- [Stored records]:
(* Let $A$ be a Banach algebra with $\mathrm{Ann}_l(A)=\{0\}$ and let $a_0\in Z(A)\setminus\{0\}$. Then for each integer $n\geq 3$, $S_{n}(A)$ is a commutative Banach subalgebra of $B(A)$.
   Context: $Z(A)$ is the center of $A$; $\mathrm{Ann}_l(A)=\{a\in A: ab=0\text{ for all }b\in A\}$. $Mul_n(A)$ is the set of bounded linear maps $T:A\to A$ with $T(a_1\cdots a_n)=a_1T(a_2\cdots a_n)=T(a_1\cdots a_{n-1})a_n$ for all $a_i\in A$. For $T\in Mul_n(A)$ let $T_{a_0,n}\in B(A)$ be $T_{a_0,n}(a)=T(a_0^{n-2}a)$; $M_{a_0,n}(A)=\{T_{a_0,n}:T\in Mul_n(A)\}$, and $S_n(A)$ is the closure of $M_{a_0,n}(A)$ in $B(A)$ in the operator norm. *)

From Stdlib Require Import Reals.
Open Scope R_scope.

Record BanachAlgebra := {
  ba_car :> Type;
  ba_zero : ba_car;
  ba_add : ba_car -> ba_car -> ba_car;
  ba_opp : ba_car -> ba_car;
  ba_scal : R -> ba_car -> ba_car;
  ba_mul : ba_car -> ba_car -> ba_car;
  ba_norm : ba_car -> R;
  ba_addA : forall x y z, ba_add x (ba_add y z) = ba_add (ba_add x y) z;
  ba_addC : forall x y, ba_add x y = ba_add y x;
  ba_add0 : forall x, ba_add x ba_zero = x;
  ba_addN : forall x, ba_add x (ba_opp x) = ba_zero;
  ba_scalA : forall r s x, ba_scal r (ba_scal s x) = ba_scal (r * s) x;
  ba_scal1 : forall x, ba_scal 1 x = x;
  ba_scalDr : forall r x y, ba_scal r (ba_add x y) = ba_add (ba_scal r x) (ba_scal r y);
  ba_scalDl : forall r s x, ba_scal (r + s) x = ba_add (ba_scal r x) (ba_scal s x);
  ba_mulA : forall x y z, ba_mul x (ba_mul y z) = ba_mul (ba_mul x y) z;
  ba_mulDl : forall x y z, ba_mul (ba_add x y) z = ba_add (ba_mul x z) (ba_mul y z);
  ba_mulDr : forall x y z, ba_mul x (ba_add y z) = ba_add (ba_mul x y) (ba_mul x z);
  ba_scal_mull : forall r x y, ba_scal r (ba_mul x y) = ba_mul (ba_scal r x) y;
  ba_scal_mulr : forall r x y, ba_scal r (ba_mul x y) = ba_mul x (ba_scal r y);
  ba_norm_eq0 : forall x, ba_norm x = 0 -> x = ba_zero;
  ba_norm_tri : forall x y, ba_norm (ba_add x y) <= ba_norm x + ba_norm y;
  ba_norm_scal : forall r x, ba_norm (ba_scal r x) = Rabs r * ba_norm x;
  ba_norm_mul : forall x y, ba_norm (ba_mul x y) <= ba_norm x * ba_norm y;
  ba_complete : forall u : nat -> ba_car,
    (forall eps, eps > 0 -> exists N, forall p q, (p >= N)%nat -> (q >= N)%nat ->
        ba_norm (ba_add (u p) (ba_opp (u q))) < eps) ->
    exists l, forall eps, eps > 0 -> exists N, forall p, (p >= N)%nat ->
        ba_norm (ba_add (u p) (ba_opp l)) < eps
}.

- [Aim of the exercise]: Return, word for word, the line containing "ba_zero : ba_car;" and all lines after it through the last line of the records, and nothing else.

- [Task result]:
  ba_zero : ba_car;
  ba_add : ba_car -> ba_car -> ba_car;
  ba_opp : ba_car -> ba_car;
  ba_scal : R -> ba_car -> ba_car;
  ba_mul : ba_car -> ba_car -> ba_car;
  ba_norm : ba_car -> R;
  ba_addA : forall x y z, ba_add x (ba_add y z) = ba_add (ba_add x y) z;
  ba_addC : forall x y, ba_add x y = ba_add y x;
  ba_add0 : forall x, ba_add x ba_zero = x;
  ba_addN : forall x, ba_add x (ba_opp x) = ba_zero;
  ba_scalA : forall r s x, ba_scal r (ba_scal s x) = ba_scal (r * s) x;
  ba_scal1 : forall x, ba_scal 1 x = x;
  ba_scalDr : forall r x y, ba_scal r (ba_add x y) = ba_add (ba_scal r x) (ba_scal r y);
  ba_scalDl : forall r s x, ba_scal (r + s) x = ba_add (ba_scal r x) (ba_scal s x);
  ba_mulA : forall x y z, ba_mul x (ba_mul y z) = ba_mul (ba_mul x y) z;
  ba_mulDl : forall x y z, ba_mul (ba_add x y) z = ba_add (ba_mul x z) (ba_mul y z);
  ba_mulDr : forall x y z, ba_mul x (ba_add y z) = ba_add (ba_mul x y) (ba_mul x z);
  ba_scal_mull : forall r x y, ba_scal r (ba_mul x y) = ba_mul (ba_scal r x) y;
  ba_scal_mulr : forall r x y, ba_scal r (ba_mul x y) = ba_mul x (ba_scal r y);
  ba_norm_eq0 : forall x, ba_norm x = 0 -> x = ba_zero;
  ba_norm_tri : forall x y, ba_norm (ba_add x y) <= ba_norm x + ba_norm y;
  ba_norm_scal : forall r x, ba_norm (ba_scal r x) = Rabs r * ba_norm x;
  ba_norm_mul : forall x y, ba_norm (ba_mul x y) <= ba_norm x * ba_norm y;
  ba_complete : forall u : nat -> ba_car,
    (forall eps, eps > 0 -> exists N, forall p q, (p >= N)%nat -> (q >= N)%nat ->
        ba_norm (ba_add (u p) (ba_opp (u q))) < eps) ->
    exists l, forall eps, eps > 0 -> exists N, forall p, (p >= N)%nat ->
        ba_norm (ba_add (u p) (ba_opp l)) < eps
}.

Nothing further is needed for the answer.